**Task**
In the data that follows, determine how many lines contain the word "setT", and give only that number.

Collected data

(* Let $S$ be a finite non-empty set and $\Sigma\subseteq\mathbb{R}_+\times S$ locally finite, and let $(X_n,\eta_n)$ be a time-homogeneous irreducible Markov chain on $\Sigma$ such that every line $\Lambda_k=\{x:(x,k)\in\Sigma\}$ is unbounded. Suppose that for some $p>2$ there is $C_p<\infty$ with $\mathbb{E}_{x,i}[|X_{n+1}-X_n|^p]\le C_p$ for all $(x,i)\in\Sigma$, and assume conditions (Q$_G$) and (D$_G$). Let $(a_i)_{i\in S}$ with $a_i\ge0$ for all $i$ be a solution of $d_i+\sum_{j\in S}(a_j-a_i)q_{ij}=0$ for all $i\in S$. Let $\widetilde X_n:=X_n+a_{\eta_n}$ and define $\widetilde\mu_i(y)=\mathbb{E}[\widetilde X_{n+1}-\widetilde X_n\mid\widetilde X_n=y,\eta_n=i]$, $\widetilde\sigma_i^2(y)=\mathbb{E}[(\widetilde X_{n+1}-\widetilde X_n)^2\mid\widetilde X_n=y,\eta_n=i]$. Either (i) set $\delta_4=0$; or (ii) suppose in addition that (Q$_G^+$) and (D$_G^+$) hold and set $\delta_4=\delta_2\wedge\delta_3\in(0,1)$. For $i\in S$ define \[c_i:=e_i+\sum_{j\in S}a_j\gamma_{ij},\qquad s_i^2:=t_i^2+2\sum_{j\in S}a_jd_{ij}+\sum_{j\in S}(a_j^2-a_i^2)q_{ij}.\] Then, as $x\to\infty$, $\widetilde\mu_i(x)=\frac{c_i}x+o(x^{-1-\delta_4})$ and $\widetilde\sigma_i^2(x)=s_i^2+o(x^{-\delta_4})$.
   Context: Locally finite means $\Sigma\cap([0,r]\times S)$ is finite for every $r\ge0$. Write $\mathbb{E}_{x,i}[\cdot]=\mathbb{E}[\cdot\mid X_n=x,\eta_n=i]$, $q_{ij}(x)=\Pr[\eta_{n+1}=j\mid X_n=x,\eta_n=i]$, $\mu_i(x)=\mathbb{E}_{x,i}[X_{n+1}-X_n]$, $\sigma_i^2(x)=\mathbb{E}_{x,i}[(X_{n+1}-X_n)^2]$, $\mu_{ij}(x)=\mathbb{E}_{x,i}[(X_{n+1}-X_n)\mathbf 1\{\eta_{n+1}=j\}]$. (Q$_G$): there are $\gamma_{ij}\in\mathbb{R}$ with $q_{ij}(x)=q_{ij}+\gamma_{ij}/x+o(x^{-1})$ as $x\to\infty$, where $(q_{ij})$ is an irreducible stochastic matrix with stationary distribution $\pi$. (D$_G$): there are $d_i,e_i,d_{ij}\in\mathbb{R}$ and $t_i^2\ge0$ with at least one $t_i^2\ne0$, such that as $x\to\infty$: $\mu_i(x)=d_i+e_i/x+o(x^{-1})$, $\sigma_i^2(x)=t_i^2+o(1)$, $\mu_{ij}(x)=d_{ij}+o(1)$ for all $i,j$, and $\sum_i\pi_id_i=0$. (Q$_G^+$): there is $\delta_3\in(0,1)$ with $q_{ij}(x)=q_{ij}+\gamma_{ij}/x+o(x^{-1-\delta_3})$. (D$_G^+$): there is $\delta_2\in(0,1)$ with $\mu_i(x)=d_i+e_i/x+o(x^{-1-\delta_2})$, $\sigma_i^2(x)=t_i^2+o(x^{-\delta_2})$, $\mu_{ij}(x)=d_{ij}+o(x^{-\delta_2})$. *)

From mathcomp Require Import all_boot all_order all_algebra.
From mathcomp Require Import all_classical all_reals all_analysis.
Set Implicit Arguments. Unset Strict Implicit. Unset Printing Implicit Defensive.
Import Order.TTheory GRing.Theory Num.Theory.
Local Open Scope classical_set_scope.
Local Open Scope ring_scope.

Section Defs.
Context {R : realType} {S : finType}.

(* A one-step transition trkernel of a time-homogeneous Markov chain on a
   subset of R x S: from state (x,i), K x i j is the (sub-probability)
   measure describing "X_{n+1} in . and eta_{n+1} = j". *)
Definition trkernel := R -> S -> S -> {measure set R -> \bar R}.

Definition line (Sigma : set (R * S)) (k : S) : set R := [set x | Sigma (x, k)].

Definition in_Rplus_S (Sigma : set (R * S)) := forall u, Sigma u -> 0 <= u.1.

Definition locally_finite (Sigma : set (R * S)) :=
  forall r : R, 0 <= r -> finite_set (Sigma `&` [set u | 0 <= u.1 <= r]).

Definition kernel_on (Sigma : set (R * S)) (K : trkernel) :=
  forall x i, Sigma (x, i) ->
    (\sum_(j : S) K x i j setT = 1)%E /\
    (forall j, K x i j (~` line Sigma j) = 0%E).

Definition step (K : trkernel) (u v : R * S) := (0 < K u.1 u.2 v.2 [set v.1])%E.

Definition irreducible_chain (Sigma : set (R * S)) (K : trkernel) :=
  forall u v, Sigma u -> Sigma v ->
    exists (n : nat) (w : nat -> R * S), w 0%N = u /\ w n = v /\
      (forall k, (k <= n)%N -> Sigma (w k)) /\
      (forall k, (k < n)%N -> step K (w k) (w k.+1)).

Definition unbounded_lines (Sigma : set (R * S)) :=
  forall k M, exists x, line Sigma k x /\ M < x.

Definition qx (K : trkernel) x i j : R := fine (K x i j setT).
Definition mux (K : trkernel) x i : R :=
  \sum_(j : S) Rintegral (K x i j) setT (fun y => y - x).
Definition sig2x (K : trkernel) x i : R :=
  \sum_(j : S) Rintegral (K x i j) setT (fun y => (y - x) ^+ 2).
Definition muijx (K : trkernel) x i j : R :=
  Rintegral (K x i j) setT (fun y => y - x).

Definition pmoment_bound (Sigma : set (R * S)) (K : trkernel) (p Cp : R) :=
  forall x i, Sigma (x, i) ->
    (\sum_(j : S) \int[K x i j]_(y in setT) (`|y - x| `^ p)%:E <= Cp%:E)%E.

Definition o_infty (A : set R) (f g : R -> R) :=
  forall eps : R, 0 < eps ->
    exists x0 : R, forall x, A x -> x0 <= x -> `|f x| <= eps * g x.

Fixpoint qpow (q : S -> S -> R) (n : nat) (i j : S) : R :=
  match n with
  | 0%N => (i == j)%:R
  | n'.+1 => \sum_(k : S) qpow q n' i k * q k j
  end.

Definition stochastic (q : S -> S -> R) :=
  (forall i j, 0 <= q i j) /\ (forall i, \sum_(j : S) q i j = 1).

Definition irreducible_matrix (q : S -> S -> R) :=
  forall i j, exists n, 0 < qpow q n i j.

Definition stationary (q : S -> S -> R) (pi : S -> R) :=
  (forall i, 0 <= pi i) /\ (\sum_(i : S) pi i = 1) /\
  (forall j, \sum_(i : S) pi i * q i j = pi j).

(* (Q_G) with remainder o(x^{-1-delta}); delta = 0 gives (Q_G),
   delta = delta3 gives (Q_G^+) *)
Definition QG_rate (Sigma : set (R * S)) (K : trkernel) (q gamma : S -> S -> R)
    (delta : R) :=
  forall i j, o_infty (line Sigma i)
    (fun x => qx K x i j - q i j - gamma i j / x) (fun x => x `^ (- 1 - delta)).

(* (D_G) asymptotics with remainder rates; delta = 0 gives (D_G),
   delta = delta2 gives (D_G^+) *)
Definition DG_rate (Sigma : set (R * S)) (K : trkernel) (d e t2 : S -> R)
    (dd : S -> S -> R) (delta : R) :=
  forall i,
    o_infty (line Sigma i) (fun x => mux K x i - d i - e i / x)
      (fun x => x `^ (- 1 - delta)) /\
    o_infty (line Sigma i) (fun x => sig2x K x i - t2 i) (fun x => x `^ (- delta)) /\
    (forall j, o_infty (line Sigma i) (fun x => muijx K x i j - dd i j)
      (fun x => x `^ (- delta))).

(* the non-asymptotic parts of (D_G) *)
Definition DG_struct (pi d t2 : S -> R) :=
  (forall i, 0 <= t2 i) /\ (exists i, t2 i != 0) /\ \sum_(i : S) pi i * d i = 0.

(* transformed process  Xtilde_n = X_n + a_{eta_n}: conditional moments given
   Xtilde_n = y, eta_n = i, i.e. X_n = y - a_i, eta_n = i *)
Definition mutilde (K : trkernel) (a : S -> R) y i : R :=
  \sum_(j : S) Rintegral (K (y - a i) i j) setT (fun z => (z + a j) - y).
Definition sig2tilde (K : trkernel) (a : S -> R) y i : R :=
  \sum_(j : S) Rintegral (K (y - a i) i j) setT (fun z => ((z + a j) - y) ^+ 2).

Definition tline (Sigma : set (R * S)) (a : S -> R) i : set R :=
  [set y | Sigma (y - a i, i)].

**The answer**
8